From the line containing "swap_spec m m [:: P m]." down to the line containing "move=> m_in; have" in the records below, reproduce every line exactly, ends included, and omit all others.
*** Opening of EXERCISE INPUT ***
Lemma mem_hook_walk p q x : le_pt p q -> x \in walk p (hook_steps p q) -> on_hook p q x.
Proof.
case: p q x => [a b] [c d] [u v] /andP [/= le_ac le_bd].
move=> /mem_walk_cat [] /mem_walk; rewrite !foldl_step_nseq /on_hook /le_pt /=; lia.
Qed.

Definition corner_path (s : nat * nat) (cs : seq (nat * nat)) : seq (nat * nat) :=
  walk s (flatten (pairmap hook_steps s cs)).

Lemma last_corner_path s cs d : path le_pt s cs -> last d (corner_path s cs) = last s cs.
Proof.
rewrite /corner_path last_walk.
elim: cs s => //= c cs IH s /andP [le_sc path_cs].
by rewrite foldl_cat foldl_hook_steps // IH.
Qed.

Lemma lattice_path_corner_path s cs : 0 < s.2 -> lattice_path (corner_path s cs).
Proof.
move=> s_pos; rewrite /lattice_path walk_sorted andbT /=.
rewrite /lattice_point s_pos /=; apply/allP => x x_in.
have /mem_walk /andP [/andP [_ le_y] _] : x \in corner_path s cs by rewrite inE x_in orbT.
exact: leq_trans le_y.
Qed.

Lemma mem_corner_path s cs x : cs != [::] -> path le_pt s cs -> x \in corner_path s cs ->
  has (fun h => on_hook h.1 h.2 x) (pairmap pair s cs).
Proof.
elim: cs s => // c cs IH s _ /andP [le_sc mono].
rewrite /corner_path /= => /mem_walk_cat [/(mem_hook_walk le_sc) -> // | ].
rewrite foldl_hook_steps //; case: cs IH mono => [_ _ | c' cs IH mono x_in].
  by rewrite inE => /eqP ->; move: le_sc; rewrite /on_hook /le_pt; lia.
by rewrite IH ?orbT.
Qed.

Definition hook_sep (h h' : (nat * nat) * (nat * nat)) : bool :=
  let: (p, q) := h in let: (p', q') := h' in
  [|| (p.2 < p'.2) && (q'.1 < q.1), q.2 < p'.2 | q'.1 < p.1].

Definition hooks_apart (h h' : (nat * nat) * (nat * nat)) : bool :=
  hook_sep h h' || hook_sep h' h.

Lemma on_hook_sep p q p' q' x :
  le_pt p q -> hook_sep (p, q) (p', q') -> on_hook p q x -> on_hook p' q' x -> False.
Proof. rewrite /le_pt /hook_sep /on_hook; lia. Qed.

Lemma path_le_pt_hooks s cs : path le_pt s cs -> all (fun h => le_pt h.1 h.2) (pairmap pair s cs).
Proof. by elim: cs s => //= c cs IH s /andP [-> /IH]. Qed.

Lemma corner_paths_disjoint s cs s' cs' x :
  cs != [::] -> cs' != [::] -> path le_pt s cs -> path le_pt s' cs' ->
  allrel hooks_apart (pairmap pair s cs) (pairmap pair s' cs') ->
  x \in corner_path s cs -> x \notin corner_path s' cs'.
Proof.
move=> ne ne' mono mono' /allrelP apart.
move=> /(mem_corner_path ne mono) /hasP [[p q] h_in on_h].
apply/negP => /(mem_corner_path ne' mono') /hasP [[p' q'] h'_in on_h'].
have /allP /(_ _ h_in) le_h := path_le_pt_hooks mono.
have /allP /(_ _ h'_in) le_h' := path_le_pt_hooks mono'.
case/orP: (apart _ _ h_in h'_in) => sep.
- exact: on_hook_sep le_h sep on_h on_h'.
- exact: on_hook_sep le_h' sep on_h' on_h.
Qed.

Lemma partition_antitone n lam a b :
  is_partition n lam -> 0 < a -> a <= b -> b <= n -> lam b <= lam a.
Proof.
move=> lamP a_pos le_ab b_le; pose D := [pred j | 0 < j <= n].
have homo : {in D &, {homo lam : x y / x <= y >-> y <= x}}.
  apply: homo_leq_in => [//|y x z le_yx le_zy|x y|x].
  - exact: leq_trans le_zy le_yx.
  - by rewrite !inE => ? ? z; rewrite inE; lia.
  - by rewrite !inE => /andP [x_pos _] /andP [_ x_lt]; apply: lamP.
by apply: homo; rewrite ?inE; lia.
Qed.

(** * The swap construction *)

Section Swap.
Variables (n : nat) (lam beta : nat -> nat) (i k : nat).
Hypotheses (lamP : is_partition n lam) (betaU : in_U n beta).
Hypotheses (i_pos : 0 < i) (lt_ik : i < k) (k_le : k <= n).
Hypotheses (descent : beta k < beta i) (below_k : forall j, i < j < k -> beta j <= beta k).
Hypotheses (lamk_pos : 0 < lam k)
  (spread : forall j, k < j <= n -> lam j = lam k -> beta k + (j - k) < beta j).

Local Notation col j := (lam j + (n - j)).
Local Notation P j := (terminal n lam beta j).

Let upper j : 0 < j <= n -> j <= beta j.
Proof. by case/betaU. Qed.

Let antitone a b : 0 < a -> a <= b -> b <= n -> lam b <= lam a.
Proof. exact: partition_antitone. Qed.

Definition swap_perm (m : nat) : nat :=
  if m < i then m else if m < k then m.+1 else if m == k then i else m.

(* Path [k] climbs to row [beta k + 1] in column [col k - 1] before running
   to [P i]; the later paths with [lam m = lam k] stay one column to the left
   until they are above that row. *)
Definition swap_corners (m : nat) : seq (nat * nat) :=
  if m < i then [:: P m]
  else if m < k then [:: P m.+1]
  else if m == k then [:: ((col k).-1, (beta k).+1); P i]
  else if lam m == lam k then [:: ((col m).-1, (beta k + (m - k)).+1); P m]
  else [:: P m].

Definition swap_paths (m : nat) : seq (nat * nat) := corner_path (n - m, m) (swap_corners m).

Variant swap_spec (m : nat) : nat -> seq (nat * nat) -> Prop :=
  | SwapBelow of m < i & lam i <= lam m : swap_spec m m [:: P m]
  | SwapShift of i <= m < k & lam k <= lam m.+1 <= lam m & beta m.+1 <= beta k :
      swap_spec m m.+1 [:: P m.+1]
  | SwapTop of m = k : swap_spec m i [:: ((col k).-1, (beta k).+1); P i]
  | SwapBlock of k < m & lam m = lam k :
      swap_spec m m [:: ((col m).-1, (beta k + (m - k)).+1); P m]
  | SwapAbove of k < m & lam m < lam k : swap_spec m m [:: P m].

Lemma swap_cornersP m : 0 < m <= n -> swap_spec m (swap_perm m) (swap_corners m).
Proof.
move=> /andP [m_pos m_le]; rewrite /swap_perm /swap_corners.
case: ltnP => [lt_mi | le_im]; first by apply: SwapBelow; rewrite ?antitone //; lia.
case: ltnP => [lt_mk | le_km].
  apply: SwapShift; first by lia.
    by apply/andP; split; apply: antitone; lia.
  by have [-> // | ne] := eqVneq m.+1 k; apply: below_k; lia.
case: eqVneq => [-> | ne_mk]; first exact: SwapTop.
case: eqVneq => [eq_lam | ne_lam]; first by apply: SwapBlock; lia.
by apply: SwapAbove; [lia | have := @antitone k m; lia].
Qed.

Lemma swap_perm_is_perm : is_perm_n n swap_perm.
Proof.
split => [m m_in | m m' m_in m'_in]; first by case: (swap_cornersP m_in); lia.
by case: (swap_cornersP m_in); case: (swap_cornersP m'_in); lia.
Qed.

Lemma swap_corners_mono m : 0 < m <= n -> path le_pt (n - m, m) (swap_corners m).
Proof.
move=> m_in; have := upper m_in; have := upper (j := m.+1); have := upper (j := k).
have := spread (j := m); have := antitone i_pos (ltnW lt_ik) k_le.
by case: (swap_cornersP m_in) => *; rewrite /= /le_pt /terminal /= ?andbT; lia.
Qed.

Lemma last_swap_corners m : 0 < m <= n -> last (n - m, m) (swap_corners m) = P (swap_perm m).
Proof. by case/swap_cornersP. Qed.

Lemma swap_hooks_apart m m' : 0 < m -> m < m' -> m' <= n ->
  allrel hooks_apart (pairmap pair (n - m, m) (swap_corners m))
                     (pairmap pair (n - m', m') (swap_corners m')).
Proof.
move=> m_pos lt_mm' m'_le.
have m_in : 0 < m <= n by lia.
have m'_in : 0 < m' <= n by lia.
have := antitone m_pos (ltnW lt_mm') m'_le; have := antitone (ltn0Sn m) lt_mm' m'_le.
have := antitone i_pos (ltnW lt_ik) k_le; have := upper (j := k).
case: (swap_cornersP m_in); case: (swap_cornersP m'_in);
  rewrite /allrel /hooks_apart /hook_sep /terminal /=; lia.
Qed.

Lemma swap_paths_LD : in_LD n lam beta swap_perm swap_paths.
Proof.
have corners_ne m : 0 < m <= n -> swap_corners m != [::] by case/swap_cornersP.
have disj m m' x : 0 < m -> m < m' -> m' <= n -> x \in swap_paths m -> x \notin swap_paths m'.
  move=> m_pos lt_mm' m'_le; have m_in : 0 < m <= n by lia.
  have m'_in : 0 < m' <= n by lia.
  apply: corner_paths_disjoint; rewrite ?corners_ne ?swap_corners_mono //.
  exact: swap_hooks_apart.
split => [m m_in | m m' m_in m'_in ne_mm' x x_in].
  split => //; first by apply: lattice_path_corner_path; case/andP: m_in.
  by rewrite last_corner_path ?swap_corners_mono // last_swap_corners.
case: (ltngtP m m') => [lt_mm' | lt_m'm | eq_mm' //]; first by apply: disj x_in; lia.
have [m'_pos m_le] : 0 < m' /\ m <= n by lia.
by apply/negP => /(disj _ _ _ m'_pos lt_m'm m_le); rewrite x_in.
Qed.

Lemma swap_permutable : ~ nonpermutable n lam beta.
Proof.
move=> np; apply: (np swap_perm swap_perm_is_perm); last by exists swap_paths; apply: swap_paths_LD.
exists k; split; first by lia.
by rewrite /swap_perm ltnn eqxx; case: ltnP; lia.
Qed.

End Swap.

(** * Carrels and critical indices *)

Lemma mem_Rlam n lam q : q \in Rlam n lam -> 0 < q < n.
Proof. by rewrite mem_filter mem_iota => /andP [_]; lia. Qed.

Lemma bounds_sorted n lam : 0 < n -> sorted ltn (bounds n lam).
Proof.
move=> n_pos; rewrite /= rcons_path (path_sortedE ltn_trans).
rewrite (sorted_filter ltn_trans) ?iota_ltn_sorted ?andbT //.
apply/andP; split; first by apply/allP => q /mem_Rlam /andP [].
by have := mem_last 0 (Rlam n lam); rewrite inE => /orP [/eqP -> // | /mem_Rlam /andP []].
Qed.

Lemma qq_mono n lam h h' : 0 < n -> h < h' <= (rlam n lam).+1 -> qq n lam h < qq n lam h'.
Proof.
rewrite /rlam => n_pos /andP [lt_hh' h'_le]; apply: (sorted_ltn_nth ltn_trans) => //.
- exact: bounds_sorted.
- by rewrite inE /= size_rcons; lia.
- by rewrite inE /= size_rcons; lia.
Qed.

Lemma qq_rcons n lam h : 0 < h <= (rlam n lam).+1 -> qq n lam h \in rcons (Rlam n lam) n.
Proof. by case: h => //= h h_le; apply: mem_nth; rewrite size_rcons. Qed.

Lemma carrel_of_range n lam i : i <= n -> 0 < carrel_of n lam i <= (rlam n lam).+1.
Proof.
move=> i_le; rewrite /carrel_of /= ltnS /rlam -ltnS -(size_rcons _ n) -has_find.
by apply/hasP; exists n; rewrite ?mem_rcons ?mem_head.
Qed.

Lemma mem_min_le n s : min_le n s = n \/ min_le n s \in s.
Proof.
elim: s => [|a s IH] /=; first by left.
rewrite /minn; case: ifP => _; first by right; rewrite mem_head.
by case: IH => [-> | s_in]; [left | right; rewrite inE s_in orbT].
Qed.

Lemma last_filter_iota (P : pred nat) a l j : a <= j < a + l -> P j ->
  let z := last 0 [seq x <- iota a l | P x] in
  [/\ P z, j <= z < a + l & forall x, z < x < a + l -> ~~ P x].
Proof.
move=> + + z; suff last_ge x : a <= x < a + l -> P x -> P z /\ x <= z < a + l.
  move=> j_in Pj; have [Pz z_in] := last_ge j j_in Pj; split => // x x_in.
  apply/negP => Px; have x_in' : a <= x < a + l by lia.
  by have [_] := last_ge x x_in' Px; lia.
rewrite {}/z; elim: l x => [|l IH] x x_in Px; first by lia.
rewrite -addn1 iotaD filter_cat last_cat /=; case: ifP => [Pl | nPl] /=; first by lia.
have [eq_x|ne_x] := eqVneq x (a + l); first by rewrite -eq_x Px in nPl.
have x_in' : a <= x < a + l by lia.
by have [] := IH x x_in' Px; split => //; lia.
Qed.

Definition steep (beta : nat -> nat) (x top : nat) : Prop :=
  forall j, x < j <= top -> beta x + j < beta j + x.

Lemma crit_cands_last beta lo y : crit_cands beta lo y != [::] ->
  let z := last 0 (crit_cands beta lo y) in
  [/\ lo < z < y, beta z + y < beta y + z & forall j, z < j < y -> beta y + j <= beta j + y].
Proof.
case E: (crit_cands beta lo y) => [//|j s] _ z.
have: j \in crit_cands beta lo y by rewrite E mem_head.
rewrite mem_filter mem_iota => /andP [Pj j_in].
have [] := @last_filter_iota (fun x => beta x + y < beta y + x) _ _ _ j_in Pj.
rewrite -/(crit_cands beta lo y) E -/z => Pz z_in z_max.
split => // [|x x_in]; first by lia.
by rewrite leqNgt; apply: z_max; lia.
Qed.
Lemma reducedb_cons (a : letter) (w : list letter) : reducedb (a :: w) = true -> reducedb w = true.
Proof. destruct w; simpl; [auto | rewrite andb_true_iff; tauto]. Qed.

Lemma reducedb_spec (w : list letter) : reducedb w = true <->
  (forall w1 a b w2, w = w1 ++ a :: b :: w2 -> b <> inv_letter a).
Proof.
  induction w as [|x w IH].
  - split; auto. intros _ w1 a b w2 E; destruct w1; discriminate.
  - split.
    + intros H w1 a b w2 E.
      destruct w1 as [|y w1]; simpl in E; injection E as -> E.
      * subst w; simpl in H; apply andb_true_iff in H as [H _].
        rewrite negb_true_iff in H; intros Hb; apply letter_eqb_true in Hb; congruence.
      * exact (proj1 IH (reducedb_cons _ _ H) w1 a b w2 E).
    + intros H; destruct w as [|b w]; [reflexivity|].
      change (negb (letter_eqb b (inv_letter x)) && reducedb (b :: w) = true).
      apply andb_true_iff; split.
      * apply negb_true_iff, not_true_iff_false; intros Hb.
        apply letter_eqb_true in Hb; exact (H [] x b w eq_refl Hb).
      * apply IH; intros w1 a c w2 E; apply (H (x :: w1) a c w2); rewrite E; reflexivity.
Qed.

Lemma word_ok_push (n : nat) (a : letter) (w : list letter) :
  (fst a < n)%nat -> word_okb n w = true -> word_okb n (push a w) = true.
Proof.
  intros Ha Hw; apply word_okb_spec in Hw as [Hn Hr]; apply word_okb_spec.
  destruct w as [|b w]; simpl.
  - split; [intros x [<-|[]]; exact Ha | reflexivity].
  - destruct (letter_eqb b (inv_letter a)) eqn:E.
    + split; [intros x Hx; apply Hn; simpl; auto | eapply reducedb_cons; eauto].
    + split; [intros x [<-|Hx]; auto|].
      simpl in Hr |- *; rewrite E; exact Hr.
Qed.

Lemma word_ok_wmul (n : nat) (u v : list letter) :
  word_okb n u = true -> word_okb n v = true -> word_okb n (wmul u v) = true.
Proof.
  intros Hu Hv; induction u as [|a u IH]; [exact Hv|].
  apply word_okb_spec in Hu as [Hn Hr].
  apply word_ok_push; [apply Hn; simpl; auto|].
  apply IH, word_okb_spec; split; [intros x Hx; apply Hn; simpl; auto | eapply reducedb_cons; eauto].
Qed.

Lemma word_ok_winv (n : nat) (u : list letter) : word_okb n u = true -> word_okb n (winv u) = true.
Proof.
  intros Hu; apply word_okb_spec in Hu as [Hn Hr]; apply word_okb_spec; unfold winv; split.
  - intros a Ha; apply in_rev, in_map_iff in Ha as [x [<- Hx]]; exact (Hn x Hx).
  - apply reducedb_spec; intros w1 a b w2 E.
    assert (Eu : u = map inv_letter (rev w2) ++ inv_letter b :: inv_letter a :: map inv_letter (rev w1)).
    { rewrite <- (map_id u), <- (map_ext _ _ inv_letter_involutive u), <- map_map.
      rewrite <- (rev_involutive (map inv_letter u)), E, rev_app_distr; simpl.
      rewrite <- !app_assoc, !map_app; reflexivity. }
    intros Hb; apply (proj1 (reducedb_spec u) Hr _ _ _ _ Eu).
    rewrite Hb, !inv_letter_involutive; reflexivity.
Qed.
*** Close of EXERCISE INPUT ***
SOLUTION FOR THIS EXERCISE -
  | SwapAbove of k < m & lam m < lam k : swap_spec m m [:: P m].

Lemma swap_cornersP m : 0 < m <= n -> swap_spec m (swap_perm m) (swap_corners m).
Proof.
move=> /andP [m_pos m_le]; rewrite /swap_perm /swap_corners.
case: ltnP => [lt_mi | le_im]; first by apply: SwapBelow; rewrite ?antitone //; lia.
case: ltnP => [lt_mk | le_km].
  apply: SwapShift; first by lia.
    by apply/andP; split; apply: antitone; lia.
  by have [-> // | ne] := eqVneq m.+1 k; apply: below_k; lia.
case: eqVneq => [-> | ne_mk]; first exact: SwapTop.
case: eqVneq => [eq_lam | ne_lam]; first by apply: SwapBlock; lia.
by apply: SwapAbove; [lia | have := @antitone k m; lia].
Qed.

Lemma swap_perm_is_perm : is_perm_n n swap_perm.
Proof.
split => [m m_in | m m' m_in m'_in]; first by case: (swap_cornersP m_in); lia.
by case: (swap_cornersP m_in); case: (swap_cornersP m'_in); lia.
Qed.

Lemma swap_corners_mono m : 0 < m <= n -> path le_pt (n - m, m) (swap_corners m).
Proof.
move=> m_in; have := upper m_in; have := upper (j := m.+1); have := upper (j := k).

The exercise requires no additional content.